■ Your objective:
Extract every line from the records below that contains the word "does".

■ Record extracts:
__________________________________________________

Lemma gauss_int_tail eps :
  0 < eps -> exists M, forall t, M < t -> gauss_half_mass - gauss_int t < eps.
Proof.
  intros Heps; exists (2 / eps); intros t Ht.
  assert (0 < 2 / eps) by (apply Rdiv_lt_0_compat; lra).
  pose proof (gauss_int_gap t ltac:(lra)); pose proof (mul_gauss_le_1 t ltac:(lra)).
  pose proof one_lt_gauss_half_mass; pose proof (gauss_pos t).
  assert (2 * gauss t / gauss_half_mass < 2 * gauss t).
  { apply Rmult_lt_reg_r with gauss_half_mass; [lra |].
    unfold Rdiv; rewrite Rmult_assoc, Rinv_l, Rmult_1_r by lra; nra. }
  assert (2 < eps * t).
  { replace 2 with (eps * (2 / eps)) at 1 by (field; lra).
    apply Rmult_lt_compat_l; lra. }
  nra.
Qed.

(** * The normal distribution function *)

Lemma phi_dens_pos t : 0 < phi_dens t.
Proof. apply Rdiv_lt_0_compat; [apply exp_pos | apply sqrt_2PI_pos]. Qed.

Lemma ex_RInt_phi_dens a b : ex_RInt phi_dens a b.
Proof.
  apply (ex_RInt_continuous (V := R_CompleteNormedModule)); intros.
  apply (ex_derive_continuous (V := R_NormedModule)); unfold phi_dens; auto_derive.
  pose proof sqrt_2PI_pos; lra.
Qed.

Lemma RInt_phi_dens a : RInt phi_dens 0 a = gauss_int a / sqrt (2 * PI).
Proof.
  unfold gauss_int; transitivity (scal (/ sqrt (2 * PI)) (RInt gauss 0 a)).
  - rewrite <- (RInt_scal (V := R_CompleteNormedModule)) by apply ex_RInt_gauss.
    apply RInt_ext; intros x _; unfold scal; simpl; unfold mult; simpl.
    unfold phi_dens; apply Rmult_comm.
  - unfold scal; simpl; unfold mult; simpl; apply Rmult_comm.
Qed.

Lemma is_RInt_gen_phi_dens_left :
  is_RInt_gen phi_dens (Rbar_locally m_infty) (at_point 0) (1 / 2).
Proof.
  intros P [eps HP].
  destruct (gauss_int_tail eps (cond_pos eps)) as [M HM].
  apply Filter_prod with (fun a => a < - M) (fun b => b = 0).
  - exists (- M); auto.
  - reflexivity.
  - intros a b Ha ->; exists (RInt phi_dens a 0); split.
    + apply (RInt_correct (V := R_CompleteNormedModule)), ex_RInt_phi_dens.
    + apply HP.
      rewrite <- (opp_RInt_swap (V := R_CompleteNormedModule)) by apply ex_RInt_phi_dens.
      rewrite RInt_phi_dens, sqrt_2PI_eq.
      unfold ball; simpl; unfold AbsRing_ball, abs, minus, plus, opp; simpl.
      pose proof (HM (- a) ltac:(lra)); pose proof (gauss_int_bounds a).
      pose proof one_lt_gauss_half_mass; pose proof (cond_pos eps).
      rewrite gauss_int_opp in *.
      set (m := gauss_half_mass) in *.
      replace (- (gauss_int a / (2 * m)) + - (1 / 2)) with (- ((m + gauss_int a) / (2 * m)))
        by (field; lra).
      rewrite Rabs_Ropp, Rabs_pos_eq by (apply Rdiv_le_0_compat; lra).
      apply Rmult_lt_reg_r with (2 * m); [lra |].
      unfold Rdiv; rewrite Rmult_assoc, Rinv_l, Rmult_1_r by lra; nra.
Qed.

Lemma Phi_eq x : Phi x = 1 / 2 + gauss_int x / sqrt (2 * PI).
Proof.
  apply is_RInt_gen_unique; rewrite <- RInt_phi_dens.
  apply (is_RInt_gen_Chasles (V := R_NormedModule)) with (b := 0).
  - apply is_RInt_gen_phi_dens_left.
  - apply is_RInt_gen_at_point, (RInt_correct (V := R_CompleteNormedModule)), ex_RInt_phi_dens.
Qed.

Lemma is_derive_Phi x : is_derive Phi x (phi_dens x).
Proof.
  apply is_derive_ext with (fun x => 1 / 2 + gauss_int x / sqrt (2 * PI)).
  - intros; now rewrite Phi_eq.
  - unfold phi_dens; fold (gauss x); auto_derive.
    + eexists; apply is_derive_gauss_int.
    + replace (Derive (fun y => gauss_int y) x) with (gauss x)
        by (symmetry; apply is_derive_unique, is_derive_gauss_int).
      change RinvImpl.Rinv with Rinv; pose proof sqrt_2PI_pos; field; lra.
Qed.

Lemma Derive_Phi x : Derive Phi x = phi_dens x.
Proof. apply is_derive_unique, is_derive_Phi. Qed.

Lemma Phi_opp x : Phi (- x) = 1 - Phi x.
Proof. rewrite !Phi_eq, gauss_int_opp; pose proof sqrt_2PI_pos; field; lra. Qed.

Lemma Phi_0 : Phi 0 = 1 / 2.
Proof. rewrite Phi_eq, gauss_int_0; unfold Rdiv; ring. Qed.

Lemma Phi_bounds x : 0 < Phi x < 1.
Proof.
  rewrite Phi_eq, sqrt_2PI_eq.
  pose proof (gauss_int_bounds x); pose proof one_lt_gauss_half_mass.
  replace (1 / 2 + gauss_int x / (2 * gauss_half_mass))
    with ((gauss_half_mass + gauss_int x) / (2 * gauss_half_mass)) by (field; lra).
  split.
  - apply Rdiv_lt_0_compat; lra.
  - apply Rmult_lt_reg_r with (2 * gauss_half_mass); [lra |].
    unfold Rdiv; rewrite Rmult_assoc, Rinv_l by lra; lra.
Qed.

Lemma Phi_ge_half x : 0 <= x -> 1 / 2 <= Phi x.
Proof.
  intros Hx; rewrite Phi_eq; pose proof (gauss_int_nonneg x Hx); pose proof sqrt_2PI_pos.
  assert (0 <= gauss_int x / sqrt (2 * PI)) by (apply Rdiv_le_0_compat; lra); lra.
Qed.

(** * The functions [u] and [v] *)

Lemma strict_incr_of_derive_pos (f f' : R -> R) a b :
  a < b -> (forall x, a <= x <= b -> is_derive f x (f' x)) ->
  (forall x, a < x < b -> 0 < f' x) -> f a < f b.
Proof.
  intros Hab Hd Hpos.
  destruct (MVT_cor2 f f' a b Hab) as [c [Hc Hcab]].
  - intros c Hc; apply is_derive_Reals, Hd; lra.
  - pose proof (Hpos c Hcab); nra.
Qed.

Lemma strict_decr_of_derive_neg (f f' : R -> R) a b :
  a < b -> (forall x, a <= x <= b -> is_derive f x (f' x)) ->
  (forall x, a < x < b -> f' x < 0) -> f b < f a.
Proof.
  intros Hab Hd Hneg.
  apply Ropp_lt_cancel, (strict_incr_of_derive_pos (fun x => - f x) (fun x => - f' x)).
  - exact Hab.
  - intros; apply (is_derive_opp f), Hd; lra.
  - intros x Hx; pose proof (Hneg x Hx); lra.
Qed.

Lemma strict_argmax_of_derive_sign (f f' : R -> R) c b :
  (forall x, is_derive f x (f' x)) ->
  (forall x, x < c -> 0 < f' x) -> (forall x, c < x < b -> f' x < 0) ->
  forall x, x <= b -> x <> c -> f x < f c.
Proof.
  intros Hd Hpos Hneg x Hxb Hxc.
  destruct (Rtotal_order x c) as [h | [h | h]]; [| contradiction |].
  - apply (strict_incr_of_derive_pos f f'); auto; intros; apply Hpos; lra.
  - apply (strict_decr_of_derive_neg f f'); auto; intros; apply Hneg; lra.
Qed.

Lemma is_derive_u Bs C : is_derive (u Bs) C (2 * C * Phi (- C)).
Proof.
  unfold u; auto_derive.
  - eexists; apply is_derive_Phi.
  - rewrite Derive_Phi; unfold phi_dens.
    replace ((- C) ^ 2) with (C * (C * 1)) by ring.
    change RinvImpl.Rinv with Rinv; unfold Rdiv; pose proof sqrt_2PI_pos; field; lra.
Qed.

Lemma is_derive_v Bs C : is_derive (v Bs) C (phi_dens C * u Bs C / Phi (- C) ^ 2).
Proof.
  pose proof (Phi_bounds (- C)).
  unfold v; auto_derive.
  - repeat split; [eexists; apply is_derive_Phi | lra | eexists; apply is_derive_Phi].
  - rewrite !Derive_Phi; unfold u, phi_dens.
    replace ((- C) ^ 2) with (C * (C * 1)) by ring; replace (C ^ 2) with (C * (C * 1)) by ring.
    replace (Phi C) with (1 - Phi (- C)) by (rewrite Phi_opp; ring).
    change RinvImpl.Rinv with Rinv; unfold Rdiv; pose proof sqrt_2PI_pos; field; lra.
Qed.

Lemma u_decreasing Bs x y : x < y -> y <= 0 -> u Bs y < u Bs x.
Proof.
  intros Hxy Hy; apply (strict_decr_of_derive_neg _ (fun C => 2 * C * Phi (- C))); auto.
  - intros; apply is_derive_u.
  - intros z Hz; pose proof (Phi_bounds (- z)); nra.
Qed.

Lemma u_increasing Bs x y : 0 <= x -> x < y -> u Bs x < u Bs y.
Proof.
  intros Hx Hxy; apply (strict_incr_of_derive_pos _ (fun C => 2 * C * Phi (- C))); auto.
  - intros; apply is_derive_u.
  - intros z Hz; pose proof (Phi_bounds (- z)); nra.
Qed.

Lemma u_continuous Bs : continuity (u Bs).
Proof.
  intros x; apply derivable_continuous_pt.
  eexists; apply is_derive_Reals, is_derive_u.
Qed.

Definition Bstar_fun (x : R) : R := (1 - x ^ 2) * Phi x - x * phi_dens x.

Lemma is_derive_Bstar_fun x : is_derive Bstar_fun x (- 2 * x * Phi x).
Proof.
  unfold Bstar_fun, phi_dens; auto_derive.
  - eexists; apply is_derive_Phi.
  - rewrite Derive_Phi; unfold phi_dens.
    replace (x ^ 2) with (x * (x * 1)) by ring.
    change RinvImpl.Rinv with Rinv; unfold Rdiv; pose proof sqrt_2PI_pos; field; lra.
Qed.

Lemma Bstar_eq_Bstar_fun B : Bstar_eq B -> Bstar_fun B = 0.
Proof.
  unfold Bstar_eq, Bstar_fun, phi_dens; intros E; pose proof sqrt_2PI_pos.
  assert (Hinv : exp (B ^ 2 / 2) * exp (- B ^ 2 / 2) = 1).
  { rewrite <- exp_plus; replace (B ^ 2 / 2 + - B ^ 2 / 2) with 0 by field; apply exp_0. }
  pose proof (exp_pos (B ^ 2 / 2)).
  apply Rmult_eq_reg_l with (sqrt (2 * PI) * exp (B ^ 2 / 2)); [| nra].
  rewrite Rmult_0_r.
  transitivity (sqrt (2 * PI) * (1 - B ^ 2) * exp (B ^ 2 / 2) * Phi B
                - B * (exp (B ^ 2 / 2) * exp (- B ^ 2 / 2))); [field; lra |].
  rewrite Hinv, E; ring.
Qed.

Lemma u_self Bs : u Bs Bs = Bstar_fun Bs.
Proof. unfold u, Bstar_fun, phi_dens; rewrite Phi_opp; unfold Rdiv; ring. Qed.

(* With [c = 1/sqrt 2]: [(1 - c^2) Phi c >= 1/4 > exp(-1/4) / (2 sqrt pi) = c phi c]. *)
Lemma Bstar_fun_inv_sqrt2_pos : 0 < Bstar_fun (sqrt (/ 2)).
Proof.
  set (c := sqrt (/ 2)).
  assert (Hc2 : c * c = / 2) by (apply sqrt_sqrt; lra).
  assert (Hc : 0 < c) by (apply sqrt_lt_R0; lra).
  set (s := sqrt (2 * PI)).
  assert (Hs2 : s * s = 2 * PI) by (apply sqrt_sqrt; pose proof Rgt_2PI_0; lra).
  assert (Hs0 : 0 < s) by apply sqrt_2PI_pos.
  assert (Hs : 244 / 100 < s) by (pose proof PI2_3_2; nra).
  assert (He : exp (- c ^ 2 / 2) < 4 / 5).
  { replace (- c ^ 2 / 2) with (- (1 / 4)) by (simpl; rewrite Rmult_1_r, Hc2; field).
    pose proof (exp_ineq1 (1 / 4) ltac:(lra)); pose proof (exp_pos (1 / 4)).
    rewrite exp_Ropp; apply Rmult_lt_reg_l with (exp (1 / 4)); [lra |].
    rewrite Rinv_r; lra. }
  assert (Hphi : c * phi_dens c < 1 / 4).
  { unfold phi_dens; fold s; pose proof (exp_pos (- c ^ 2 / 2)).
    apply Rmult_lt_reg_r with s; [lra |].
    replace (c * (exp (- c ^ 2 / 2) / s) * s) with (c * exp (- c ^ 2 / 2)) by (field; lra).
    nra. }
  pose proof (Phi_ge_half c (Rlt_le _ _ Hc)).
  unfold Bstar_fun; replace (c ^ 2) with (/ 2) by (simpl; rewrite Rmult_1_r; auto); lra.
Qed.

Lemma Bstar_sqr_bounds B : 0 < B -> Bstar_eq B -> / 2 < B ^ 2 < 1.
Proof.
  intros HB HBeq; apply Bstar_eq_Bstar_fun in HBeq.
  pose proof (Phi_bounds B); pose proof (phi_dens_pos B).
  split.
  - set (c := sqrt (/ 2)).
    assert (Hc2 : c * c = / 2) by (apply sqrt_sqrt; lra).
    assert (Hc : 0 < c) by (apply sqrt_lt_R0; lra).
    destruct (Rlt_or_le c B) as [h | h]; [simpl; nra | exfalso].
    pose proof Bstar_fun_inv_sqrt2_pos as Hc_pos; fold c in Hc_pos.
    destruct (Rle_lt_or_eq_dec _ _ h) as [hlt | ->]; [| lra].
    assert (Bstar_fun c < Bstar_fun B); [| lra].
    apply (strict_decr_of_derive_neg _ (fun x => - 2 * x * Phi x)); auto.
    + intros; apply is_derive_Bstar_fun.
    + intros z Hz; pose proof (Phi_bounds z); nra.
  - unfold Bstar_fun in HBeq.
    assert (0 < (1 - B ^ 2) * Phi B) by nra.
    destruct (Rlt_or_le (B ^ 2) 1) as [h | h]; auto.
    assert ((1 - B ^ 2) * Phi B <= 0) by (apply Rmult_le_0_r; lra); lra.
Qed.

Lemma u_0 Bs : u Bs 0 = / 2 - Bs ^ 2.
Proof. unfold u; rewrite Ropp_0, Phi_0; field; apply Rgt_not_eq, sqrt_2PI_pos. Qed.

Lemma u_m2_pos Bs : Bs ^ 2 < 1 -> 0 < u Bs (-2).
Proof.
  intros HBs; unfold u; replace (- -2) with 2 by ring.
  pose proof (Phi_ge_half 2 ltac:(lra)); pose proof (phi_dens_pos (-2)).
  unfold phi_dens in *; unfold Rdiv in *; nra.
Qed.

__________________________________________________

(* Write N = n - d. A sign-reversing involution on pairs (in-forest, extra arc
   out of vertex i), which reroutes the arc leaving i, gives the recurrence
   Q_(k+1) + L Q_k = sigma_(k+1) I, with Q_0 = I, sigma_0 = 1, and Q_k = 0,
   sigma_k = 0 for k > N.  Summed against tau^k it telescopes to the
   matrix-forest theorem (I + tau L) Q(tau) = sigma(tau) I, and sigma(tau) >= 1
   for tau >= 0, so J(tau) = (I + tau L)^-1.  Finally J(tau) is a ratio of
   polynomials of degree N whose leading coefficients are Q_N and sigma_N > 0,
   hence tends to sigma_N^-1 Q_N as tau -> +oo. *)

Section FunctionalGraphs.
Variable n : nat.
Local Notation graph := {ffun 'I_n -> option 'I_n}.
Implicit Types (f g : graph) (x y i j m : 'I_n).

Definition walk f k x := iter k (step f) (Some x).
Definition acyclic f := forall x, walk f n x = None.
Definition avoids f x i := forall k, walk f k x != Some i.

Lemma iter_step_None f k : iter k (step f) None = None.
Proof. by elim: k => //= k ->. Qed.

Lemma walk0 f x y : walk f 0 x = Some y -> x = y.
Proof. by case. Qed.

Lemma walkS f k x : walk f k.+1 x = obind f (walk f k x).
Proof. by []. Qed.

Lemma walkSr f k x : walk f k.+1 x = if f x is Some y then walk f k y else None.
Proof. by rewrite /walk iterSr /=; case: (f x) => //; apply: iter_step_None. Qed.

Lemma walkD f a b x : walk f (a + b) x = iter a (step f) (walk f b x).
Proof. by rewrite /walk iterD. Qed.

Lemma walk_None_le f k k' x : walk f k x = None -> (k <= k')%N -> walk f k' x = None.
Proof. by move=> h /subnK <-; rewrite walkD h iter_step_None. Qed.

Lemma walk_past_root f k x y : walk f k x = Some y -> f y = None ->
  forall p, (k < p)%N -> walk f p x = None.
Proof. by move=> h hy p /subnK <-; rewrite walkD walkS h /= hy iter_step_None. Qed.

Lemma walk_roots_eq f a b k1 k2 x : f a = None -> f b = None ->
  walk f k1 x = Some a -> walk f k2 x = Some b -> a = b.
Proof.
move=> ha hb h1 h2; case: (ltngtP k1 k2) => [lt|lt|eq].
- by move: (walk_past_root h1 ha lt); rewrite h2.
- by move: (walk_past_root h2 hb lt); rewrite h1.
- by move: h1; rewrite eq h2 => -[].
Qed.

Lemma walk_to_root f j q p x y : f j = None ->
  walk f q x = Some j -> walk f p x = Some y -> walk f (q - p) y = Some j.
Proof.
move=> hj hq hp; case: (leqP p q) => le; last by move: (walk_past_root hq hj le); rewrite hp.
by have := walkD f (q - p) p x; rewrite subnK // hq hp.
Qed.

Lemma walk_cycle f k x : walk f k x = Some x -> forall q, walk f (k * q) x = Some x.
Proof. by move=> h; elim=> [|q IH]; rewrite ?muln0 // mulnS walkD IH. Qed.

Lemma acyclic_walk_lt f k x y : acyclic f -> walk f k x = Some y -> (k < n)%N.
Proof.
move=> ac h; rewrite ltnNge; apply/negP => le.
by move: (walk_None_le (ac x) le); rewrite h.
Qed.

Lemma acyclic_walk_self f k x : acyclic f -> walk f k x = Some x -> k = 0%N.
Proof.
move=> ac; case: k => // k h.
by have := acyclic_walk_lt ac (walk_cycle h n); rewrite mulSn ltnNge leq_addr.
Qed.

__________________________________________________

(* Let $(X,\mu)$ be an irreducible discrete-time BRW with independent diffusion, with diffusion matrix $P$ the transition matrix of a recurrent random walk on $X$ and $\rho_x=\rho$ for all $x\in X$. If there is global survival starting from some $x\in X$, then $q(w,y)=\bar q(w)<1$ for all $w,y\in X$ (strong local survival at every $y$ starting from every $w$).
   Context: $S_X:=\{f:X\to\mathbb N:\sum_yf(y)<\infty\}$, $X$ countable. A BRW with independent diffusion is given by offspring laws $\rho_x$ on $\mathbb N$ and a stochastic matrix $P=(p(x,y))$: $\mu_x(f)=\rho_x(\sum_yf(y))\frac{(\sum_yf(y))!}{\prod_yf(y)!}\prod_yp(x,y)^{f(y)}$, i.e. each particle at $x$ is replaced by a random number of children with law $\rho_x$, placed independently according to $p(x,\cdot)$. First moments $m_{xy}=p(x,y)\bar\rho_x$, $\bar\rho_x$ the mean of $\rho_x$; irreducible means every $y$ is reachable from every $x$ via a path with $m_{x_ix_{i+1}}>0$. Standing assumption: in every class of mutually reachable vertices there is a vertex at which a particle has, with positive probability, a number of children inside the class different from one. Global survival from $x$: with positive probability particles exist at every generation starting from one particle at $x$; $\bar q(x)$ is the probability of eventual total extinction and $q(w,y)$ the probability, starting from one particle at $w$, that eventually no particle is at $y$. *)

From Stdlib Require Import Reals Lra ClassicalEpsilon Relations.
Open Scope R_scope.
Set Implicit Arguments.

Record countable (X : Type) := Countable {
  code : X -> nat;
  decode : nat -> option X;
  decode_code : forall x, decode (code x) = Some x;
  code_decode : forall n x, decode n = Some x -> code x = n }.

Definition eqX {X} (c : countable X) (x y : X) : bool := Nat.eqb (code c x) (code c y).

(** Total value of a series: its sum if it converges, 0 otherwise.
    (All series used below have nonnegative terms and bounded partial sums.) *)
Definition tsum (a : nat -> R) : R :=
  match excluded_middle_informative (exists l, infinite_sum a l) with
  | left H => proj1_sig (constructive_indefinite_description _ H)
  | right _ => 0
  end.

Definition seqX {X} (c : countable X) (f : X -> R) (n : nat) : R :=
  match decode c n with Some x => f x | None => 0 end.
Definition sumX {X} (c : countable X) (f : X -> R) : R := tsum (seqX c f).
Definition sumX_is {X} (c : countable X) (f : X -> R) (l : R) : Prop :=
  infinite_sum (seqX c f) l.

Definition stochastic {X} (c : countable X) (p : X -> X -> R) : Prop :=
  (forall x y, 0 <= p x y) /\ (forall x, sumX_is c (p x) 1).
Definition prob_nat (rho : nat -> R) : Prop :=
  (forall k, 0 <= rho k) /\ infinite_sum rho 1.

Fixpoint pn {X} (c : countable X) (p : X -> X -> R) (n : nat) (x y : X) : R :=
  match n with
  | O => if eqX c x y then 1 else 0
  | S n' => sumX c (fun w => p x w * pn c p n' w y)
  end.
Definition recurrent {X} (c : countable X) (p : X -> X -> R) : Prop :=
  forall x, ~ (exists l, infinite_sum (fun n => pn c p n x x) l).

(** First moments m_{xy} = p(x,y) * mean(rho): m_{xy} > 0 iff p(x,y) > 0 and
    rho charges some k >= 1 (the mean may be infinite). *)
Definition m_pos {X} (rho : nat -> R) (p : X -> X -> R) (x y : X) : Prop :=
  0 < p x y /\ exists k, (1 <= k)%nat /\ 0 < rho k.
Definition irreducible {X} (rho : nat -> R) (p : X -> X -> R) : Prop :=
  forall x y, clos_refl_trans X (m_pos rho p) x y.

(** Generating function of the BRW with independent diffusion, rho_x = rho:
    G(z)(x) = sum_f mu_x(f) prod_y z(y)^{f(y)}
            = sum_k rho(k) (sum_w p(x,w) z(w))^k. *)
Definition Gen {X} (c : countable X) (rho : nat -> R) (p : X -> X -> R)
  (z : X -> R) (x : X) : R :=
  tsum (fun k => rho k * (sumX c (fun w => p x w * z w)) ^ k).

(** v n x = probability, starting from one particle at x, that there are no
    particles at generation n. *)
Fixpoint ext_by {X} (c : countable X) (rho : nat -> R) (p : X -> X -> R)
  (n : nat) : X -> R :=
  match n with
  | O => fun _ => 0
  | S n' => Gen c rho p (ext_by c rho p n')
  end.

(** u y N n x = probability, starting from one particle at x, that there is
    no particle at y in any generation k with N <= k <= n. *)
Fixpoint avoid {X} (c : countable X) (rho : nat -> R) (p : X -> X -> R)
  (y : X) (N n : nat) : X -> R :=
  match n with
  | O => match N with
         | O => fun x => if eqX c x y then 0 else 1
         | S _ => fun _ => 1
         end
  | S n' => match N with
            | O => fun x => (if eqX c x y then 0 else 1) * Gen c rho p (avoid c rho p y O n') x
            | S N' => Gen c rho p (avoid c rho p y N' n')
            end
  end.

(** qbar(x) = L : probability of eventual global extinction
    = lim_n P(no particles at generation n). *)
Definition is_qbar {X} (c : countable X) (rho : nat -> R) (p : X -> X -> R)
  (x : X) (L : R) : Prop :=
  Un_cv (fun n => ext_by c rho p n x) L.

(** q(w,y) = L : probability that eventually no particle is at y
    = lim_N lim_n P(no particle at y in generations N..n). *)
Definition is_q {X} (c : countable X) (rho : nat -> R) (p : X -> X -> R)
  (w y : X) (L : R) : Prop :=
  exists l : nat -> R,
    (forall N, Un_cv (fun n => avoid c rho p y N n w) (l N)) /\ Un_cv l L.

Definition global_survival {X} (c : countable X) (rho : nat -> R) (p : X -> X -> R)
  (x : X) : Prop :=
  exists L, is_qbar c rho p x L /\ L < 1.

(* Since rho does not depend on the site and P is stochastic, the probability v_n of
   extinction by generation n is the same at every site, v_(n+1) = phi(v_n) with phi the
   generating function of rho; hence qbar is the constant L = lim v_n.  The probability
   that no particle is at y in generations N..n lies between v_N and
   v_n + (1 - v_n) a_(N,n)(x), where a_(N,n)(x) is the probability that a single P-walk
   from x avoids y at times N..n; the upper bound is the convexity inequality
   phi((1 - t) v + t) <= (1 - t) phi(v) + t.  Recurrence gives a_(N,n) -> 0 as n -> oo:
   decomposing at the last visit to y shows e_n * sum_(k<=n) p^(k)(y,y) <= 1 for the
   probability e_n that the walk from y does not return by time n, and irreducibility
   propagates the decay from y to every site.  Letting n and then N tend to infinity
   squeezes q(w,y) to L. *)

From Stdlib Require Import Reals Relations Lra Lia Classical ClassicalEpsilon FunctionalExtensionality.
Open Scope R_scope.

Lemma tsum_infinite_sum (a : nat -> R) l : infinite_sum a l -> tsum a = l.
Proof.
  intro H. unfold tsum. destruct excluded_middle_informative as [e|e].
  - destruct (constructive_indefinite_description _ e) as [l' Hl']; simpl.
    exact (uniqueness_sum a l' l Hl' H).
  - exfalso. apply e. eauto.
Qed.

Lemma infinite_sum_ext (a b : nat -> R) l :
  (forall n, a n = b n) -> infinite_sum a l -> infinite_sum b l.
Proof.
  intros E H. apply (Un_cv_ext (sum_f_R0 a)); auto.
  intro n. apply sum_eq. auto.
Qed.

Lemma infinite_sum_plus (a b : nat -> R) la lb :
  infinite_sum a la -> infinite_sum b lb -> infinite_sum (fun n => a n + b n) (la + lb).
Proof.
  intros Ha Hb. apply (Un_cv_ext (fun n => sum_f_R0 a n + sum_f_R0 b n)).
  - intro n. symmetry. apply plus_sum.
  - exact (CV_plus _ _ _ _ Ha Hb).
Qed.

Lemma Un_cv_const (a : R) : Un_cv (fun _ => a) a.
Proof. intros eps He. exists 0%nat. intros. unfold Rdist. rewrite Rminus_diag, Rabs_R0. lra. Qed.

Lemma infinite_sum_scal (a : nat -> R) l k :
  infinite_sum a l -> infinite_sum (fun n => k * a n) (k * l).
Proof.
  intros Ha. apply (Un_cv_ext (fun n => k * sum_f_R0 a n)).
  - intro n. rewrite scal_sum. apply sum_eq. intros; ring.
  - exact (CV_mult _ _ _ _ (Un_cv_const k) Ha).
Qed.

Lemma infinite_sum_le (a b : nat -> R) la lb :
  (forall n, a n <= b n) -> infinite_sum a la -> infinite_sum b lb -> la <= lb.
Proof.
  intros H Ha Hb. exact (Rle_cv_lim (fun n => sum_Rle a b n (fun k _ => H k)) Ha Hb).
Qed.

__________________________________________________

■ Answer below:
(* Since rho does not depend on the site and P is stochastic, the probability v_n of
   probability e_n that the walk from y does not return by time n, and irreducibility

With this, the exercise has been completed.